An unconscious 13-year-old girl was brought to the emergency room (ER) at midnight by her parents. Symptoms started with nausea and abdominal pain in the evening, four hours before presentation to the ER. Her symptoms gradually progressed to vomiting, headache, and lethargy over the next two hours. The parents brought her to the hospital after she became unable to communicate and gradually lost her consciousness. Early physical examination revealed an unconscious patient with a Glasgow Coma Scale score of 5/15. Her vital signs showed tachycardia, tachypnea, and elevated blood pressure with a respiratory rate of 26/min, blood pressure 170/106 mmHg, and pulse 114/min. There was no associated pallor, jaundice, bleeding, lymphadenopathy, hepatosplenomegaly, cyanosis, or external physical injury signs. The detailed history given by parents did not reveal consumption of any unknown substances.

The patient was immediately resuscitated with intravenous fluids while securing the airway and breathing. Random blood sugar testing revealed 84 g/dl, and other blood tests like complete blood count, liver function tests, lipid profile, C-reactive protein, creatinine, blood urea nitrogen (BUN), urinalysis and serum electrolyte were ordered. Serum electrolytes revealed concentrations of sodium 143 mmol/l; potassium 3.2 mmol/l; chloride 102 mmol/l; calcium 8 mg/dl; BUN 14 mg/dl; creatinine 1.02 mg/dl; urine examination revealed several calcium oxalate crystals with no pus/red blood cells/ albumin/ sugar. The computed tomography (CT) scan of the abdomen revealed no significant abnormality, and head CT was negative for stroke. There was no evidence of sepsis or post-ictal symptoms; glucose and beta-hydroxybutyrate were within normal limits.

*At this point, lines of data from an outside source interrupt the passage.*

(** * Forests without reticulation cycles *)

Section Forest.
Variables (V : finType) (arc : rel V).
Hypotheses (arc_acyclic : acyclic arc) (indeg_le1 : forall v, indeg arc v <= 1).

Lemma parent_uniq p q v : arc p v -> arc q v -> p = q.
Proof.
by move=> pv qv; apply: (card_le1_eqP (indeg_le1 v)); rewrite inE.
Qed.

Lemma path_eq_last s p q :
  path arc s p -> path arc s q -> last s p = last s q -> p = q.
Proof.
elim/last_ind: p q => [|p a IHp] q; case/lastP: q => [|q b] //=.
- by move=> _ hq e; have := arc_acyclic hq (esym e); case: q {hq e}.
- by move=> hp _ e; have := arc_acyclic hp e; case: p {IHp hp e}.
rewrite !rcons_path !last_rcons => /andP[hp pa] /andP[hq qb] e; subst b.
by rewrite (IHp q hp hq (parent_uniq pa qb)).
Qed.

Lemma no_reticulation_cycle q1 q2 : ~ reticulation_cycle arc q1 q2.
Proof.
move=> [d1 d2 + [s [t [h1 h2 e1 e2 _]]]]; apply.
case: q1 d1 h1 e1 => [|a1 p1] // d1 /= h1 e1; case: q2 d2 h2 e2 => [|a2 p2] // d2 /= h2 e2.
subst a1 a2; by rewrite (path_eq_last d1 d2) // e1 e2.
Qed.

Lemma no_shared_arc_of_forest : no_shared_arc arc.
Proof. by move=> q1 q2 q1' q2' /no_reticulation_cycle. Qed.

End Forest.

(** * Ranked X-trees *)

Section RankedTree.
Variables (X : finType) (T : rankedXTree X).
Local Notation V := (rt_V T).
Local Notation arc := (@rt_arc X T).
Local Notation rho := (rt_root T).
Local Notation phi := (rt_phi T).
Local Notation r := (@rt_rank X T).

Lemma rt_indeg_le1 v : indeg arc v <= 1.
Proof. by have [_ /(_ v)] := rt_is_tree T; rewrite /reticulation -ltnNge ltnS. Qed.

Lemma rt_parent_uniq p q v : arc p v -> arc q v -> p = q.
Proof. exact: (parent_uniq rt_indeg_le1). Qed.
Lemma bigcup_itv_chain {R : realType} n (T : nat -> R) : (0 < n)%N ->
  (forall k, (k < n)%N -> T k <= T k.+1) ->
  \bigcup_(k : 'I_n) [set` `[T k, T k.+1]] = [set` `[T 0%N, T n]].
Proof.
move=> n0 Tle; have Tmono i j : (i <= j <= n)%N -> T i <= T j.
  move=> /andP[+ jn]; elim: j jn => [|j ih] jn; first by rewrite leqn0 => /eqP ->.
  rewrite leq_eqVlt => /orP[/eqP -> //|]; rewrite ltnS => ij.
  by apply: le_trans (ih (ltnW jn) ij) (Tle _ jn).
apply/seteqP; split => [u [k _]|u].
  rewrite /= !in_itv /= => /andP[ku uk]; apply/andP; split.
    by apply: le_trans ku; apply: Tmono; exact: ltnW.
  by apply: (le_trans uk); apply: Tmono; rewrite ltn_ord leqnn.
rewrite /= in_itv /= => /andP[u0 un].
suff /(_ n.-1) : forall j, (j < n)%N -> u <= T j.+1 ->
    exists2 k : 'I_n, setT k & u \in `[T k, T k.+1] by apply; rewrite ?ltn_predL ?prednK.
elim=> [|j ih] jn uj; first by exists (Ordinal jn) => //; rewrite in_itv /= u0.
have [|Tju] := leP u (T j.+1); first exact/ih/ltnW.
by exists (Ordinal jn) => //; rewrite in_itv /= (ltW Tju).
Qed.

Lemma indic_sum_windows_eq_n {R : realType} {d : measure_display}
    {Omega : measurableType d} (S : R -> Omega -> R) lo hi n (T : nat -> R) :
  (0 < n)%N -> (forall k, (k < n)%N -> T k <= T k.+1) ->
  [set w | \sum_(k < n) @indic _ R (inside S lo hi `[T k, T k.+1]) w = n%:R] =
  inside S lo hi `[T 0%N, T n].
Proof.
by move=> n0 Tle; rewrite occupation_eq_nE -inside_bigcup bigcup_itv_chain.
Qed.

Lemma inside_bigcup_windows {R : realType} {d : measure_display}
    {Omega : measurableType d} (S : R -> Omega -> R) lo hi n (T : nat -> R) Per
    (J : {set 'I_n}) : (forall k, (k < n)%N -> T k.+1 = T k + Per) ->
  inside S lo hi (\bigcup_(j in [set j | j \in J]) [set` `[T j, T j + Per]]) =
  \bigcap_(k in [set k | k \in J]) inside S lo hi `[T k, T k.+1].
Proof.
by move=> Tsucc; rewrite inside_bigcup; apply: eq_bigcapr => k _; rewrite Tsucc.
Qed.

Section occupation_cond_exp.
Context {R : realType} {d : measure_display} {Omega : measurableType d}.
Context {P : probability Omega R} {G : set (set Omega)} {n : nat} {E : 'I_n -> set Omega}.
Hypotheses (sigmaG : sigma_algebra setT G) (subG : G `<=` measurable).
Hypothesis mE : forall k, measurable (E k).

Local Notation indic_sum w := (\sum_(k < n) @indic _ R (E k) w).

The patient was then immediately shifted to the intensive care unit. Arterial blood gas analysis revealed the following: carbon-dioxide 44 mm of Hg, pH 7.1, and bicarbonate 10 mmol/L. These findings, along with an anion gap of 31 mmol/L, suggested a high anion gap metabolic acidosis. The osmolal gap was normal, with a value of 9 mOsm/L. We could not measure the blood level of ethylene glycol or ethanol due to the lack of this facility at the hospital. The presence of metabolic acidosis, elevated anion gap, calcium oxalate crystals on urine suggested ethylene glycol poisoning, but the lack of history of consumption of ethylene glycol did not support the diagnosis in question. Thus, from the circumstantial evidence and clinical presentation, it was presumed as a case of ethylene glycol poisoning, and empiric treatment was begun.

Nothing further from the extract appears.